I am trying to design a setup that can determine to position of a rotating shaft.
I initially went with using a fixed disc with 8 reed switches and a magnet attached another disc that rotates with the shaft. Well the principle is there but I keep getting erroneous things happening like multiple reed switches being triggered at the same time due to the magnetic field, some time just 1 reed switch, or 2 or 4 or 4 or sometime not at all or 2 reeds switches being trigger but on different sides of the disc. It's all intermittent therefore not reliable.
I thought I could use a continuous potentiometer but they are quite expensive and some rotate 360 degrees but only measure over 340 degrees of the 360 degrees.
I tried an encoder which works great and measuring rotation but on startup there is no way to set the initial "top" position unless I use an absolute encoder but again quite expensive for my simple needs.
I wondered if there is a way to rotate the shaft on start up and use a optical sensor to measure when the shaft is in the "top" position but attaching a motor to the shaft would be a bit difficult.
Does anyone have any ideas that will work to make the reed switches be more reliable (I have tried several different strength magnets which don't work any better) or another way to measure to position of a rotating shaft?
Along with the encoder put 1 reed switch (or better yet a Hall effect or opto sensor ) at the starting position. A 1 bit absolute encoder, so to speak. Like a limit switch. Many encoders are made with the 2 quadrature outputs and 1 other output that shows "zero".
How did you have your switches wired, did you have pullup or pulldown resistors to take care of the open circuit condition of the switch?
How many positions in one revolution you want to measure?
You can set initial position with a single extra channel, that only signals on a separate magnet on the disc, trying to keep that magnet away from influencing the other Hall Effect and vice versa may be a challenge.
Hi the shaft is attached to what will be a larger weather vane.
The shaft "top" position will be North.
I have followed previously several threads on creating the magnetic reed switch setup.
My first setup was with the reed switches like spokes off the centre but virtually every reed switch trigger when ever a magnetic appeared nearby.
I then tried my current version with the reed switches around the circumference. (See photo)
The current wiring is just each reed switch connected to 5v and to a LED bargraph so I can see which reed switches are being trigged when a magnetic moves by. As you can see in the current picture
When my smallest magnetic is in proximity the NE and E led is lit. However sometimes I can have 4 led lit which is causing me the trouble. I have tried the magnetic in various positions and orientations none really seem ideal.
Nothing is actually connected to an Arduino yet as I am still trying to get this bit working.

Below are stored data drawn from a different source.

Lemma Derive_rho_neumann i : (i < m)%nat -> Derive rho (a i) = 0 /\ Derive rho (b i) = 0.
Proof.
  intros Hi. destruct Hsol as (_ & _ & _ & Hneumann & _).
  assert (Hzero : forall x, (forall t, -A < t < A -> dx n x t = 0) -> Derive rho x = 0).
  { intros x Hdx. rewrite (is_derive_unique _ _ _ (is_derive_rho A n sol_C2_xt x)).
    rewrite (RInt_ext _ (fun _ => 0)), (RInt_const (V := R_CompleteNormedModule)).
    - apply Rmult_0_r.
    - intros t Ht. rewrite Rmin_left, Rmax_right in Ht by lra. apply Hdx, Ht. }
  split; apply Hzero; intros t Ht;
    [exact (proj1 (Hneumann i t Hi Ht)) | exact (proj2 (Hneumann i t Hi Ht))].
Qed.

Lemma Derive_rho_at_max x0 : inOmegaBar m a b x0 ->
  (forall y, inOmegaBar m a b y -> rho y <= rho x0) -> Derive rho x0 = 0.
Proof.
  intros [i [Hi Hx0]] Hmax.
  destruct (Req_dec x0 (a i)) as [-> | Ha]; [exact (proj1 (Derive_rho_neumann i Hi)) |].
  destruct (Req_dec x0 (b i)) as [-> | Hb]; [exact (proj2 (Derive_rho_neumann i Hi)) |].
  apply (Derive_eq_0_at_max rho (a i) (b i)); [lra | eexists; apply is_derive_rho, sol_C2_xt |].
  intros y Hy. apply Hmax. exists i. split; [exact Hi | lra].
Qed.

Lemma rho_le_C_R x : inOmegaBar m a b x -> rho x <= C_R.
Proof.
  intros Hx.
  destruct (continuous_max_Omega_closure rho m a b Hm Hab continuous_rho) as [x0 [Hx0 Hmax]].
  assert (Hconcave : Derive (Derive rho) x0 <= 0).
  { destruct Hx0 as [i [Hi Hx0i]].
    apply (Derive_2_nonpos_at_max rho (a i) (b i) x0 (Hab i Hi) Hx0i).
    - intros y. eexists; apply is_derive_rho, sol_C2_xt.
    - eexists; apply is_derive_Derive_rho, sol_C2_xt.
    - apply Derive_rho_at_max; [exists i; split; assumption | exact Hmax].
    - intros y Hy. apply Hmax. exists i. split; assumption. }
  assert (HL : 0 <= Lop m a b K rho x0).
  { apply (Lop_nonneg_at_max m a b K Hab HK rho x0 continuous_rho (fun z => proj1 (HKb z))).
    intros y Hy. apply Hmax, inOmega_inOmegaBar, Hy. }
  pose proof (rho_equation_closure x0 Hx0) as Heq.
  pose proof (Rle_abs (rhoR_of A n Rr x0)). pose proof (Rabs_rhoR_le x0 Hx0).
  pose proof (rho_nonneg_closure x0 Hx0). pose proof (Hmax x Hx). pose proof C_R_pos.
  assert (rho x0 * rho x0 <= C_R * rho x0) by lra.
  nra.
Qed.

Definition rho_D2_bound : R := C_R * C_K * Omega_length m a b + 2 * (C_R * C_R).

Lemma rho_D2_bound_nonneg : 0 <= rho_D2_bound.
Proof.
  pose proof C_R_pos. pose proof (HKb 0). pose proof (Omega_length_nonneg m a b Hab).
  unfold rho_D2_bound.
  assert (0 <= C_R * C_K * Omega_length m a b) by (apply Rmult_le_pos; [apply Rmult_le_pos |]; lra).
  nra.
Qed.

Lemma Rabs_Derive_2_rho_le x : inOmegaBar m a b x -> Rabs (Derive (Derive rho) x) <= rho_D2_bound.
Proof.
  intros Hx.
  assert (Hrange : forall y, inOmegaBar m a b y -> 0 <= rho y <= C_R)
    by (intros y Hy; split; [apply rho_nonneg_closure | apply rho_le_C_R]; exact Hy).
  pose proof (Rabs_Lop_le m a b K Hab HK rho x C_R C_K continuous_rho HKb Hrange Hx) as HL.
  pose proof (rho_equation_closure x Hx) as Heq.
  pose proof (Rabs_rhoR_le x Hx) as HR. pose proof (Hrange x Hx) as Hx'.
  apply Rabs_le_between in HL. apply Rabs_le_between in HR.
  assert (C_R * rho x <= C_R * C_R) by (apply Rmult_le_compat_l; [pose proof C_R_pos |]; lra).
  assert (0 <= rho x * rho x <= C_R * C_R) by (split; [| apply Rmult_le_compat]; nra).
  unfold rho_D2_bound. apply Rabs_le_between. lra.
Qed.

Lemma Rabs_Derive_rho_le x : inOmegaBar m a b x ->
  Rabs (Derive rho x) <= rho_D2_bound * Omega_length m a b.
Proof.
  intros [i [Hi Hx]].
  destruct (MVT_gen (Derive rho) (a i) x (Derive (Derive rho))) as [c [Hc Hmvt]].
  - intros y _. apply Derive_correct. eexists; apply is_derive_Derive_rho, sol_C2_xt.
  - intros y _. apply continuity_pt_filterlim.
    exact (continuous_Derive_n_rho A n sol_C2_xt 1 y ltac:(lia)).
  - rewrite Rmin_left, Rmax_right in Hc by lra.
    rewrite (proj1 (Derive_rho_neumann i Hi)), Rminus_0_r in Hmvt. rewrite Hmvt.
    rewrite Rabs_mult, (Rabs_right (x - a i)) by lra.
    apply Rmult_le_compat; [apply Rabs_pos | lra | |].
    + apply Rabs_Derive_2_rho_le. exists i. split; [exact Hi | lra].
    + pose proof (interval_length_le_Omega_length m a b Hab i Hi). lra.
Qed.

Definition rho_derivatives_bound : R := C_R + (1 + Omega_length m a b) * rho_D2_bound.

Lemma rho_derivatives_bound_nonneg : 0 <= rho_derivatives_bound.
Proof.
  pose proof C_R_pos. pose proof rho_D2_bound_nonneg. pose proof (Omega_length_nonneg m a b Hab).
  unfold rho_derivatives_bound. nra.
Qed.

Lemma Rabs_Derive_n_rho_le k x : (k < 3)%nat -> inOmega m a b x ->
  Rabs (Derive_n rho k x) <= rho_derivatives_bound.
Proof.
  intros Hk Hx. apply inOmega_inOmegaBar in Hx.
  pose proof C_R_pos. pose proof rho_D2_bound_nonneg. pose proof (Omega_length_nonneg m a b Hab).
  unfold rho_derivatives_bound.
  destruct k as [| [| [| k]]]; [| | | lia].
  - pose proof (rho_nonneg_closure x Hx). pose proof (rho_le_C_R x Hx).
    change (Rabs (rho x) <= C_R + (1 + Omega_length m a b) * rho_D2_bound).
    rewrite Rabs_right by lra. nra.
  - pose proof (Rabs_Derive_rho_le x Hx).
    change (Rabs (Derive rho x) <= C_R + (1 + Omega_length m a b) * rho_D2_bound). nra.
  - pose proof (Rabs_Derive_2_rho_le x Hx).
    change (Rabs (Derive (Derive rho) x) <= C_R + (1 + Omega_length m a b) * rho_D2_bound).
    nra.
Qed.

End Estimates.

I did try the weather vane tutorials which connect different resistors to each reed switch then read off the value from the ADC to work out direction but with the extra reed switches all triggering it gave the wrong info, hence my need to try and work out the positioning better.
The actual orientation of the reed switches I found to be best was when looking from above you can see the gap between the 2 strips with the top strip facing out towards the circumference.
I tried using a ADC and various resistors to determine the voltage to determine shaft orientation but that was too problematic so I decided to use a digital pin for each reed switch on a Mega.
Visualize the magnetic field of your magnet. It has two poles. The magnetic field is North and South. You can easily determine the pole orientation of your magnet. The reed switches and the magnetic field must be parallel for best operation of the reed switches. The magnetic field will temporarily magnetize the reeds and make them snap together.
If your reed switches have ONLY a single reed. Toss them and get switches with TWO reeds.
I have a weather vane which has 8 reed switches arranged like the spokes of a wheel, so each one 45 degrees from its neighbour. When the magnet is over one then just the one closes, when it is between 2 then both close, giving 16 positions. There are different value resistors in series with each switch so each closed switch or combination of 2 closed switches gives a different resistance.